Top of Study material

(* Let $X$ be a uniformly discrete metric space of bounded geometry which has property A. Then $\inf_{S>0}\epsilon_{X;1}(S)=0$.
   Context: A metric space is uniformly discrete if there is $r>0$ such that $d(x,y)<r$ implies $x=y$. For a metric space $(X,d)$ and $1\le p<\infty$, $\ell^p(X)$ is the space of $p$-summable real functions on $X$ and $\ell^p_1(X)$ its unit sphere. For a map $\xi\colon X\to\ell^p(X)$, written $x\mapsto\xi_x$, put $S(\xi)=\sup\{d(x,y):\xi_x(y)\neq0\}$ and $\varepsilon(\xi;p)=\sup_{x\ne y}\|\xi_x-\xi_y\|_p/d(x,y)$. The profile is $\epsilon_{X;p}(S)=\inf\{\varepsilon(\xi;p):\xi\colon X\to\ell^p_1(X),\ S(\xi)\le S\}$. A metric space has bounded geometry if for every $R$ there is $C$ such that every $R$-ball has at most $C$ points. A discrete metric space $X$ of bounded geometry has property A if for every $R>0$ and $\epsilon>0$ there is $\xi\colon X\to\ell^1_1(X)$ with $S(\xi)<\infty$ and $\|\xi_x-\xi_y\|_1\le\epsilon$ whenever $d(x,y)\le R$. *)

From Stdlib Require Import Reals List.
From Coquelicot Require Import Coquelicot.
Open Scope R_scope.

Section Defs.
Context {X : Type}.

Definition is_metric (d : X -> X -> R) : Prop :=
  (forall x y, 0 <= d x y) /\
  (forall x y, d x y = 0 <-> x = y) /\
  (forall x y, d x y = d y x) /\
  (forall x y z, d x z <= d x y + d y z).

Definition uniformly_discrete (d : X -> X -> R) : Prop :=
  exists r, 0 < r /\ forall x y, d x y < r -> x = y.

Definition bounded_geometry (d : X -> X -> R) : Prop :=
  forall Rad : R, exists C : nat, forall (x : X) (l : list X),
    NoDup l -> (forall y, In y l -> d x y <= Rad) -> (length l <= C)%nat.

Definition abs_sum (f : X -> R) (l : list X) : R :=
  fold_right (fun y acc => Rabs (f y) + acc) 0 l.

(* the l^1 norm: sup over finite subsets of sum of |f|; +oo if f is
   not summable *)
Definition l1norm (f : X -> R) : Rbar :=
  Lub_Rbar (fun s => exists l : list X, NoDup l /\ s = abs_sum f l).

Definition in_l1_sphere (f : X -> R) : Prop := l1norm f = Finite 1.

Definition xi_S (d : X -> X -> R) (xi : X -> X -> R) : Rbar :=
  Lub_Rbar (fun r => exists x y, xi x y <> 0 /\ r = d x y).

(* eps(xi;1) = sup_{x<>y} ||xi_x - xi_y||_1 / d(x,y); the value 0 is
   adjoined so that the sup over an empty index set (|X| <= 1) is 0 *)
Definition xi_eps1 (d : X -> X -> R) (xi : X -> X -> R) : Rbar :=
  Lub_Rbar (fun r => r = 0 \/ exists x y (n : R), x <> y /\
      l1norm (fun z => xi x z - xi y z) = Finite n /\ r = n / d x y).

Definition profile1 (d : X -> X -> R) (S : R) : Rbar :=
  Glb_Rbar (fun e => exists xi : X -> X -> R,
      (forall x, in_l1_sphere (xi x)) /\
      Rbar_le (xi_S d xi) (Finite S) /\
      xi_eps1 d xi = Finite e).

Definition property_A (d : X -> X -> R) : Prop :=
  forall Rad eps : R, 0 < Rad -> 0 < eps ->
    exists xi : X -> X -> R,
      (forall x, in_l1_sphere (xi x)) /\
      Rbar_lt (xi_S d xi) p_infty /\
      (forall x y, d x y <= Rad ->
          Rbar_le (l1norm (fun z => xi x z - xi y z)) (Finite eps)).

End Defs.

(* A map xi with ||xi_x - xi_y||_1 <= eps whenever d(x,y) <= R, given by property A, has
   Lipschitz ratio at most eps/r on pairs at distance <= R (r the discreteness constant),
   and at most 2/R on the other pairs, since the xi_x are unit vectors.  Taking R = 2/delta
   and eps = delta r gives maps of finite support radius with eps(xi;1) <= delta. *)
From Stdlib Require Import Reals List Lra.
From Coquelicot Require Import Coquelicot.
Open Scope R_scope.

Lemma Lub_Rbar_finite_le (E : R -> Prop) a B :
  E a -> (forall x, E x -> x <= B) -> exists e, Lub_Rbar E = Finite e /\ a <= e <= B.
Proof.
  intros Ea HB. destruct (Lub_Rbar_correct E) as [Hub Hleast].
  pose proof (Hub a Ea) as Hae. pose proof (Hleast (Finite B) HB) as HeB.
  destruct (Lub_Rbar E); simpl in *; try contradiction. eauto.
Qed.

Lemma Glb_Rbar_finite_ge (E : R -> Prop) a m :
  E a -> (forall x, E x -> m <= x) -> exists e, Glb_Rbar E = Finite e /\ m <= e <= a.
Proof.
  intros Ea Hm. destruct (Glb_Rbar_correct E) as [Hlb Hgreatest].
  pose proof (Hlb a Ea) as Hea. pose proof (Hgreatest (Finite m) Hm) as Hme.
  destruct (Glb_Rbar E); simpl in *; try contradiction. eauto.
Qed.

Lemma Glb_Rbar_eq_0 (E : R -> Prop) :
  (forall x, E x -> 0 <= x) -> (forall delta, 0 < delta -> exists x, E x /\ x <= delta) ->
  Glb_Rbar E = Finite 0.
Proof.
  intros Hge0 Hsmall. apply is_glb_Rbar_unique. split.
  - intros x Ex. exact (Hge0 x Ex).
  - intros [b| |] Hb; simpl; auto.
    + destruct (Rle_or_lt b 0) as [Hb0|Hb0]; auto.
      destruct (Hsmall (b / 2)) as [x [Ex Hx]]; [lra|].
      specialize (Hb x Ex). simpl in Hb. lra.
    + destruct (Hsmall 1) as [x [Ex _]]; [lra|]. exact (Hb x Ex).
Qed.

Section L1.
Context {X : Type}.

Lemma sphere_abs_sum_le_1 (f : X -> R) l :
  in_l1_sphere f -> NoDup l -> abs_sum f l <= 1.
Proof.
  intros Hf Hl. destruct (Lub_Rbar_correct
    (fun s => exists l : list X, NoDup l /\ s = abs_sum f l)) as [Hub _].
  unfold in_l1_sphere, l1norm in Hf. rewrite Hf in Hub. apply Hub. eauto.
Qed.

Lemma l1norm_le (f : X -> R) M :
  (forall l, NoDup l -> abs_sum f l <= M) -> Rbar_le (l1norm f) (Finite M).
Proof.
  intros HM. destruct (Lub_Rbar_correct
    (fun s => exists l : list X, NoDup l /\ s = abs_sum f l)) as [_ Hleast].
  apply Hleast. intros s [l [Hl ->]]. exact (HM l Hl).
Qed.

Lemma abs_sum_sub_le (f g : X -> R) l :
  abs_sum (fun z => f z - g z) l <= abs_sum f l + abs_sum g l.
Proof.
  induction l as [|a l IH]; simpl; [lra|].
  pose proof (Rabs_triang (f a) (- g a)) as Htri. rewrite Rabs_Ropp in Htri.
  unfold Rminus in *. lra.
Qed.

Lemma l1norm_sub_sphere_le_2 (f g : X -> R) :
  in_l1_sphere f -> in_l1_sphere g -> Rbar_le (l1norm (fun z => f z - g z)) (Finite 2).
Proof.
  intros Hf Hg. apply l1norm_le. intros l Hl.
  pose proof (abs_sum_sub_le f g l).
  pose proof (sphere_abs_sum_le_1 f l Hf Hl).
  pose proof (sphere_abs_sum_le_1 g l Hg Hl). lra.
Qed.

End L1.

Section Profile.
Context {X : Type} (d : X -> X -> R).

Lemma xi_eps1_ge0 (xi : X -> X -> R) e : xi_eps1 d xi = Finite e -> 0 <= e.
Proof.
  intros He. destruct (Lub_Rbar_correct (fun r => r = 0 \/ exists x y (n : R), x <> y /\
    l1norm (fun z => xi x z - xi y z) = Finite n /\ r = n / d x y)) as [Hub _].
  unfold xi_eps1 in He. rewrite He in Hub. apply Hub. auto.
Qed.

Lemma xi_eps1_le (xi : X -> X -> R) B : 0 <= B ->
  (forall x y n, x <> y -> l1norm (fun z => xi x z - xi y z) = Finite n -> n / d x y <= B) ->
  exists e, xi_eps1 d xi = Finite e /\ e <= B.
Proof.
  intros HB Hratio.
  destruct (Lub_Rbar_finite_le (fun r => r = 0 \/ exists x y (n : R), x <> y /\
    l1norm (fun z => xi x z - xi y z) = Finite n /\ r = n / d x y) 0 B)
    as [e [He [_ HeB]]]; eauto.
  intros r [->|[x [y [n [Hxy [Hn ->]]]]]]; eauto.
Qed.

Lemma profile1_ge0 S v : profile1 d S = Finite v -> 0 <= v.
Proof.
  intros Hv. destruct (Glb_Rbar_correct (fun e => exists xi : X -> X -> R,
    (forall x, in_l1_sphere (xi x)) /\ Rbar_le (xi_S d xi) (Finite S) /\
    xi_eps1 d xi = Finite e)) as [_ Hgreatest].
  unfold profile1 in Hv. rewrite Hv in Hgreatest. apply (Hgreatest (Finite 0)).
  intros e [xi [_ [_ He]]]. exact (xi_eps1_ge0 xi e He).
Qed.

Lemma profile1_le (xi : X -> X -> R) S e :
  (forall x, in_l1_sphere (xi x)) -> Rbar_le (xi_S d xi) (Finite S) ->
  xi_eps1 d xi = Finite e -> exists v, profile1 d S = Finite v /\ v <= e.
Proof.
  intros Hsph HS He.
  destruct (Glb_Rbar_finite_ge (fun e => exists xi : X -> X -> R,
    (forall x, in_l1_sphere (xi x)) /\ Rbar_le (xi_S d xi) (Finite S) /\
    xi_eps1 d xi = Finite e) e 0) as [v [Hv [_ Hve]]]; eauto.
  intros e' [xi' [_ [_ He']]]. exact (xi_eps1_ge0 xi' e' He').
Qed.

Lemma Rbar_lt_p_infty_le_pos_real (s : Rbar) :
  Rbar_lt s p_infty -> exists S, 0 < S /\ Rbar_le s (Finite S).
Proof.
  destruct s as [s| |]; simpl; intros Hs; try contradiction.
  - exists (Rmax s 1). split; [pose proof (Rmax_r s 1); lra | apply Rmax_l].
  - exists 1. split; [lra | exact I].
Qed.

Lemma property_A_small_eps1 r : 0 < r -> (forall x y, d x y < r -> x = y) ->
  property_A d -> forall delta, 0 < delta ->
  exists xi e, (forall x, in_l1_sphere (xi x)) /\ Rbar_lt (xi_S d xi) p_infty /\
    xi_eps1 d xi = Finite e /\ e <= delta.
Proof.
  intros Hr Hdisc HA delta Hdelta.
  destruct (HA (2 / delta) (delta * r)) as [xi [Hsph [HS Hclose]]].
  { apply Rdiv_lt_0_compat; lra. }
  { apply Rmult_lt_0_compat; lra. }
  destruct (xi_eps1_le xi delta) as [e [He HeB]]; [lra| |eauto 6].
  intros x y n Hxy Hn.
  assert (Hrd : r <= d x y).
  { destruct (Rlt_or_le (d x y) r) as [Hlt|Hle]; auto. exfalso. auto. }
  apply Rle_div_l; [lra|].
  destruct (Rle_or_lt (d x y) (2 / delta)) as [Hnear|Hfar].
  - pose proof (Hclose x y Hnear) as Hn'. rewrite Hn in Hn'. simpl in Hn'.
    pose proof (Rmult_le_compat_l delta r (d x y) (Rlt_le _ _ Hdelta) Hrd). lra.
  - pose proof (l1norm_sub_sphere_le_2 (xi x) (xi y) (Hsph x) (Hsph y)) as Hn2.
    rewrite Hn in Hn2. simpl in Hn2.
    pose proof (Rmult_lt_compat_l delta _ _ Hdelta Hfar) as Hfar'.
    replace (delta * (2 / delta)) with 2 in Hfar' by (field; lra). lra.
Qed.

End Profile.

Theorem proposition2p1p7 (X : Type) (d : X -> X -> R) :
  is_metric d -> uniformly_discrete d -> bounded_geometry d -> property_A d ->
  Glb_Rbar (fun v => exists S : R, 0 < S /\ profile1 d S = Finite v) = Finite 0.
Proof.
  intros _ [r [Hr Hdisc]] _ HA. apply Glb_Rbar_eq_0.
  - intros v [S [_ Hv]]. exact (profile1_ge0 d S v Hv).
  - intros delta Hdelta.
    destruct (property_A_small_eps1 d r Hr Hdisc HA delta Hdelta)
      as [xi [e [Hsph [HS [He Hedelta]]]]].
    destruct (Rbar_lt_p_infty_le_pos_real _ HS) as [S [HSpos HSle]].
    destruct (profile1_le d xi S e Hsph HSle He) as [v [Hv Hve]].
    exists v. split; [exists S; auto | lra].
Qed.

Bottom of Study material
Top of Study material

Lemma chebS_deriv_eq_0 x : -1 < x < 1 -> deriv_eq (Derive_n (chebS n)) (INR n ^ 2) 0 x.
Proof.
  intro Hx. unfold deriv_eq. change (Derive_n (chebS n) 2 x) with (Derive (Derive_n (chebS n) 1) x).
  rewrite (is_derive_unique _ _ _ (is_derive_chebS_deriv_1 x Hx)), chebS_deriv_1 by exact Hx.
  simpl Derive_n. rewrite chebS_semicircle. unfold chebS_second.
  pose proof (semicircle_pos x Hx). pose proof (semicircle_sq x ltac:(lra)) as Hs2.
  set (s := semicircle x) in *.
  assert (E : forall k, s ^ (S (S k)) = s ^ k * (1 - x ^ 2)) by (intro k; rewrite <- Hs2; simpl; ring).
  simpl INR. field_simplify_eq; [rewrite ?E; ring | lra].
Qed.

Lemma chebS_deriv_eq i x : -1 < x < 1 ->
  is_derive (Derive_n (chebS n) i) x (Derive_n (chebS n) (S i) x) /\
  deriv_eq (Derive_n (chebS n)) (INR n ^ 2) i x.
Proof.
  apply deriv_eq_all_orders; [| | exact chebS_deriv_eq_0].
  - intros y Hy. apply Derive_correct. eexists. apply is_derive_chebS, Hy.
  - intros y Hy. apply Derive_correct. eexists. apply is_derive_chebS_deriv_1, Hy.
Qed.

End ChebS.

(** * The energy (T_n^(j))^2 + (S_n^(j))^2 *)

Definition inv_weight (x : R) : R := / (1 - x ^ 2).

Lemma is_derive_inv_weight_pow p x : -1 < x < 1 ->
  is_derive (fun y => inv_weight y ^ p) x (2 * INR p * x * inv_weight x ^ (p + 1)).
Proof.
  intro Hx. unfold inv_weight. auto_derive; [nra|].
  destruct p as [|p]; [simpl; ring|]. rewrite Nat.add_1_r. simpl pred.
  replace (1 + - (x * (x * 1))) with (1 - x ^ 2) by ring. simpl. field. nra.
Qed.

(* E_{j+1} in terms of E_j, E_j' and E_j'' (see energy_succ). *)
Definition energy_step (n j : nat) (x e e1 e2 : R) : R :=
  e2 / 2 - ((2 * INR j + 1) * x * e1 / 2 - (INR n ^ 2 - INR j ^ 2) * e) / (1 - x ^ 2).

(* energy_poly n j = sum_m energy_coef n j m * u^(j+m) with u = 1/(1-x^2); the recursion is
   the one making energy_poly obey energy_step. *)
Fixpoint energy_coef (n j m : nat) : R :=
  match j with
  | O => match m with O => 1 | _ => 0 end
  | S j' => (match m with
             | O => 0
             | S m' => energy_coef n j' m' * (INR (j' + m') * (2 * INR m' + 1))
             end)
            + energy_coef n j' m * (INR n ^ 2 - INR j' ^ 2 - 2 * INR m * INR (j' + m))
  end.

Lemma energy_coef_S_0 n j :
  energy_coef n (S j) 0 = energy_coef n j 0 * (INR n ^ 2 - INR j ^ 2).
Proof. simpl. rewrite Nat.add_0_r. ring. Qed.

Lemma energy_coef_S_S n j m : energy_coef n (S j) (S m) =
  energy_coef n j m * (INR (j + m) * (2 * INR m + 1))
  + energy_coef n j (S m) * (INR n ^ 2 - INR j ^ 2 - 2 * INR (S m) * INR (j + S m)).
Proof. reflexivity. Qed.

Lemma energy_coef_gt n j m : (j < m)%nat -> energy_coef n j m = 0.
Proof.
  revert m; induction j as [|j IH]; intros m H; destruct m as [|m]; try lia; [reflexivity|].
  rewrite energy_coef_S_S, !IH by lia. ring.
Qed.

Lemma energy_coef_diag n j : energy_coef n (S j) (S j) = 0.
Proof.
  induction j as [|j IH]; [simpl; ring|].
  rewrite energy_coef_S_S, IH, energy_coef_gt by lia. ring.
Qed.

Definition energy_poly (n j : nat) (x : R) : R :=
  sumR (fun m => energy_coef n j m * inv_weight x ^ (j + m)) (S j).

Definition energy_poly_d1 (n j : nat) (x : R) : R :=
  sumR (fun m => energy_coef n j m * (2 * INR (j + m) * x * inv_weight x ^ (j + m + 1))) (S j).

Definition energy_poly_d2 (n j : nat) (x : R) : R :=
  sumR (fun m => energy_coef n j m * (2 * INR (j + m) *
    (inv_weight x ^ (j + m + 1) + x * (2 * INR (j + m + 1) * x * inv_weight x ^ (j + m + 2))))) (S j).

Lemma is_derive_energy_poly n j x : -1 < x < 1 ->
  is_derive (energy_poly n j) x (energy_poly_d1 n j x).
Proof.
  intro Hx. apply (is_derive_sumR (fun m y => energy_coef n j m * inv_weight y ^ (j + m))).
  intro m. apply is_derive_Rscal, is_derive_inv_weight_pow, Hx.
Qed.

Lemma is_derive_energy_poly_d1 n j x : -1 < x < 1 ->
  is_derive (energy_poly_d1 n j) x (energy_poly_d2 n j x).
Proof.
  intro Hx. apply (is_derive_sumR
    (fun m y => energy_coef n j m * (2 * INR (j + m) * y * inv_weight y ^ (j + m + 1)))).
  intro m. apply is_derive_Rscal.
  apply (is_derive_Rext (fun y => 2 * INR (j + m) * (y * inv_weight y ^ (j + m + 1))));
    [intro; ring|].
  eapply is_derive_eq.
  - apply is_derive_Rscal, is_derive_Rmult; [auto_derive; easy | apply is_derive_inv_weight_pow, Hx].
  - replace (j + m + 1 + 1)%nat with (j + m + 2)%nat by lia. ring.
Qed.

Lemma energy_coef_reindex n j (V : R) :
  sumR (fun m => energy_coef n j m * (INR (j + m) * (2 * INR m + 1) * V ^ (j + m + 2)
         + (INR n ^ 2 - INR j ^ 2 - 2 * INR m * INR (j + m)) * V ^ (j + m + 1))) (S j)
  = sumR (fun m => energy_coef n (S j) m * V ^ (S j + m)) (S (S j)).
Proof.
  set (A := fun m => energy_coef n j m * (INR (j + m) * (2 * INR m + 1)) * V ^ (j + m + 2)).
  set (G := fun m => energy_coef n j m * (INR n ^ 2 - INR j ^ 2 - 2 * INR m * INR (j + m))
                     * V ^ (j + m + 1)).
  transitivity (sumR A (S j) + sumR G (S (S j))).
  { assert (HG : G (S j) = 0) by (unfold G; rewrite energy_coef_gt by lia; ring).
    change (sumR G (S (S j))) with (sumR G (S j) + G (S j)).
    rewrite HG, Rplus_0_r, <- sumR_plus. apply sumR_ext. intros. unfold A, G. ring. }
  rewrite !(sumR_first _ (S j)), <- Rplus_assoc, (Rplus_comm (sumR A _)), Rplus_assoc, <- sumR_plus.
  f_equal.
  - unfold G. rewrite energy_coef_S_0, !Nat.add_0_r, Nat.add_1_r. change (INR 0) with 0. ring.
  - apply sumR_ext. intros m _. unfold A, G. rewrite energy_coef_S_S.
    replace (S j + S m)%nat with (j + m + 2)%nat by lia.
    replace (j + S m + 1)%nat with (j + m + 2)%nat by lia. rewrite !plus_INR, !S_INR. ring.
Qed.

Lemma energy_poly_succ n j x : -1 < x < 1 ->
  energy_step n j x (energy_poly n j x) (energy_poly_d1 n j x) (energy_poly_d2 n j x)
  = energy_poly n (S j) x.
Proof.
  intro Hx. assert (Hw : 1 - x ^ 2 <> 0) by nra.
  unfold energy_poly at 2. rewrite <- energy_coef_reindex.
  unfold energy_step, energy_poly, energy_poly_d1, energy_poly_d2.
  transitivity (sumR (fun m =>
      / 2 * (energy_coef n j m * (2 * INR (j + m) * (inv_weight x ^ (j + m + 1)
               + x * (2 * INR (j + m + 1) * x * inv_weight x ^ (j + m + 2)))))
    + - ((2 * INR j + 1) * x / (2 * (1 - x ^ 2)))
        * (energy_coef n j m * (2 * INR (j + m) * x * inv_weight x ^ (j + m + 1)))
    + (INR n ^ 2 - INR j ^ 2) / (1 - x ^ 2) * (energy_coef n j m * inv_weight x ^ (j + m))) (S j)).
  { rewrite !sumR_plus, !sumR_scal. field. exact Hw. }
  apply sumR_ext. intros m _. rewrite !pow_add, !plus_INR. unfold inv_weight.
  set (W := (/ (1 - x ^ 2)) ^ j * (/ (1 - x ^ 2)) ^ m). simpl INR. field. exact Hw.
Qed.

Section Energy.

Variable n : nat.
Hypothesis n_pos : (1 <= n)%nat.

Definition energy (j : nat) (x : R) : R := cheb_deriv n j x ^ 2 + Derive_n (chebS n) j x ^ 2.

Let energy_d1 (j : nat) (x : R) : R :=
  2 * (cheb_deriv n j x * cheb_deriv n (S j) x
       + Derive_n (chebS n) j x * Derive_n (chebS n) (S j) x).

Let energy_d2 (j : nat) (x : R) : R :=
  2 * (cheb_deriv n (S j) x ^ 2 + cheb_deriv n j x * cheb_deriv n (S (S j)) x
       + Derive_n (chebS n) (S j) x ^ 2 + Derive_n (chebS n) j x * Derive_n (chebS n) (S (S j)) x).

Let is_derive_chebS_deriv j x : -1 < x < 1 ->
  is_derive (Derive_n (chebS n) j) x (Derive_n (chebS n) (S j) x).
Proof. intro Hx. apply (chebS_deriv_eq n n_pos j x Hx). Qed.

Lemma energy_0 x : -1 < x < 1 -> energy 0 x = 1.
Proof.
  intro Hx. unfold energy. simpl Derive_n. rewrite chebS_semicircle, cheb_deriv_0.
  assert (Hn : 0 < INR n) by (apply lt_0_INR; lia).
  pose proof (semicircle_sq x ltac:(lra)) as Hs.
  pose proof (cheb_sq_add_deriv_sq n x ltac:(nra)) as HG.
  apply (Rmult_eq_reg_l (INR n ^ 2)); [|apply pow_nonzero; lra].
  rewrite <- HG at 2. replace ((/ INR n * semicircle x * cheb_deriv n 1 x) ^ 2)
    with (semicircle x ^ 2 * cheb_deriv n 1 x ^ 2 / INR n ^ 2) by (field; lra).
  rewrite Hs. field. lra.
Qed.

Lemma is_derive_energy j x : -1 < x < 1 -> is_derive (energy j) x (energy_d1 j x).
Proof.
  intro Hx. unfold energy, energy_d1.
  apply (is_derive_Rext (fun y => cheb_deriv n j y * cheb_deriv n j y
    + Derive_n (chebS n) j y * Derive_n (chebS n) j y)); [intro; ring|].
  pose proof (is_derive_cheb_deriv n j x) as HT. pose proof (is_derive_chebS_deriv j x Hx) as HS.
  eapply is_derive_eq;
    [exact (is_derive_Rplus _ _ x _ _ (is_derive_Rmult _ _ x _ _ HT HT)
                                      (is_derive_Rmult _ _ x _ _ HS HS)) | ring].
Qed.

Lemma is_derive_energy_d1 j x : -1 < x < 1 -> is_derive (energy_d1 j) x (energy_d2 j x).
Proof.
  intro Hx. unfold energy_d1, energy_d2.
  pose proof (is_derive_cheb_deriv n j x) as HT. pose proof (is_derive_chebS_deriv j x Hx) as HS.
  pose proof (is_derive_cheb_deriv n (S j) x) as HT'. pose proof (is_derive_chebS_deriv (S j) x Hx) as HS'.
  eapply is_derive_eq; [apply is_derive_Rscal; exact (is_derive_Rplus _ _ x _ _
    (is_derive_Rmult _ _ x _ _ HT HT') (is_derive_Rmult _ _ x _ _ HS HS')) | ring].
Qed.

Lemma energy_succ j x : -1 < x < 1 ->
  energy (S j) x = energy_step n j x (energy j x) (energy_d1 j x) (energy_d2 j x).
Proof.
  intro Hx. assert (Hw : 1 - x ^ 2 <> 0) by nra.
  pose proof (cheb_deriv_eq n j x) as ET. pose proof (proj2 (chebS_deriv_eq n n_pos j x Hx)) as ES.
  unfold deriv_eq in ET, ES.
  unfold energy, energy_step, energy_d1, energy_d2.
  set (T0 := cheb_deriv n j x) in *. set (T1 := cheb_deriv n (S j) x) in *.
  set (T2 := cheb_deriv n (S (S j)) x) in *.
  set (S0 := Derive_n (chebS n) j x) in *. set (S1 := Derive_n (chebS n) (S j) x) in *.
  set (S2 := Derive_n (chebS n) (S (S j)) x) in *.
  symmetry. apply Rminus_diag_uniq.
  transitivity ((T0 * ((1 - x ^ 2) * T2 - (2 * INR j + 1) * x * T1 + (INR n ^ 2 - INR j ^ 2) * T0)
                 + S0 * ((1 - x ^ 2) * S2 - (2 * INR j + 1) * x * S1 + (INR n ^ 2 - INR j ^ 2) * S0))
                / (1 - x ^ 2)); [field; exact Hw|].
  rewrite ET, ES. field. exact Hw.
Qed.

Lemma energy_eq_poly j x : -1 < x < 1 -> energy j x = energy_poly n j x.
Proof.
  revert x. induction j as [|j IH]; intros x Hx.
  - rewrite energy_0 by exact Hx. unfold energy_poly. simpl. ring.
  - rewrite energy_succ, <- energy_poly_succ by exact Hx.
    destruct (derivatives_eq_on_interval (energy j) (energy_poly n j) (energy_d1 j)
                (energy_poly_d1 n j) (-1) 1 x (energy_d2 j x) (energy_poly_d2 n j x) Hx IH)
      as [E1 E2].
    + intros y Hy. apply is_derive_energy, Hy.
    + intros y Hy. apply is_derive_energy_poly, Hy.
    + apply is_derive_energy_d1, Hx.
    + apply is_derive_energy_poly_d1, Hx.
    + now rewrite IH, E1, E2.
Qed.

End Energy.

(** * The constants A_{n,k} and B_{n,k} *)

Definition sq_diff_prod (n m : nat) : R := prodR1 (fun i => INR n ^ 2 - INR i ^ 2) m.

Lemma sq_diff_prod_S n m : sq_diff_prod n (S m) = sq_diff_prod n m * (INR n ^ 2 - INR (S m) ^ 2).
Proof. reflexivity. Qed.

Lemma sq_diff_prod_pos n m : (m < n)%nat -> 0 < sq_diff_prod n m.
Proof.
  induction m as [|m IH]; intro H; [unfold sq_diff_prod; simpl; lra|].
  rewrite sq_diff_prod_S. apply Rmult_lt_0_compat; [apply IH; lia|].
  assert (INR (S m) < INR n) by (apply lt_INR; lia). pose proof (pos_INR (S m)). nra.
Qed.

Bottom of Study material

### Work required
Using the entries above, give back exactly the line containing "rewrite energy_coef_S_S, !IH by lia. ring.", the line containing "transitivity (sumR A", and every line between them, and nothing else.

### Response box
  rewrite energy_coef_S_S, !IH by lia. ring.
Qed.

Lemma energy_coef_diag n j : energy_coef n (S j) (S j) = 0.
Proof.
  induction j as [|j IH]; [simpl; ring|].
  rewrite energy_coef_S_S, IH, energy_coef_gt by lia. ring.
Qed.

Definition energy_poly (n j : nat) (x : R) : R :=
  sumR (fun m => energy_coef n j m * inv_weight x ^ (j + m)) (S j).

Definition energy_poly_d1 (n j : nat) (x : R) : R :=
  sumR (fun m => energy_coef n j m * (2 * INR (j + m) * x * inv_weight x ^ (j + m + 1))) (S j).

Definition energy_poly_d2 (n j : nat) (x : R) : R :=
  sumR (fun m => energy_coef n j m * (2 * INR (j + m) *
    (inv_weight x ^ (j + m + 1) + x * (2 * INR (j + m + 1) * x * inv_weight x ^ (j + m + 2))))) (S j).

Lemma is_derive_energy_poly n j x : -1 < x < 1 ->
  is_derive (energy_poly n j) x (energy_poly_d1 n j x).
Proof.
  intro Hx. apply (is_derive_sumR (fun m y => energy_coef n j m * inv_weight y ^ (j + m))).
  intro m. apply is_derive_Rscal, is_derive_inv_weight_pow, Hx.
Qed.

Lemma is_derive_energy_poly_d1 n j x : -1 < x < 1 ->
  is_derive (energy_poly_d1 n j) x (energy_poly_d2 n j x).
Proof.
  intro Hx. apply (is_derive_sumR
    (fun m y => energy_coef n j m * (2 * INR (j + m) * y * inv_weight y ^ (j + m + 1)))).
  intro m. apply is_derive_Rscal.
  apply (is_derive_Rext (fun y => 2 * INR (j + m) * (y * inv_weight y ^ (j + m + 1))));
    [intro; ring|].
  eapply is_derive_eq.
  - apply is_derive_Rscal, is_derive_Rmult; [auto_derive; easy | apply is_derive_inv_weight_pow, Hx].
  - replace (j + m + 1 + 1)%nat with (j + m + 2)%nat by lia. ring.
Qed.

Lemma energy_coef_reindex n j (V : R) :
  sumR (fun m => energy_coef n j m * (INR (j + m) * (2 * INR m + 1) * V ^ (j + m + 2)
         + (INR n ^ 2 - INR j ^ 2 - 2 * INR m * INR (j + m)) * V ^ (j + m + 1))) (S j)
  = sumR (fun m => energy_coef n (S j) m * V ^ (S j + m)) (S (S j)).
Proof.
  set (A := fun m => energy_coef n j m * (INR (j + m) * (2 * INR m + 1)) * V ^ (j + m + 2)).
  set (G := fun m => energy_coef n j m * (INR n ^ 2 - INR j ^ 2 - 2 * INR m * INR (j + m))
                     * V ^ (j + m + 1)).
  transitivity (sumR A (S j) + sumR G (S (S j))).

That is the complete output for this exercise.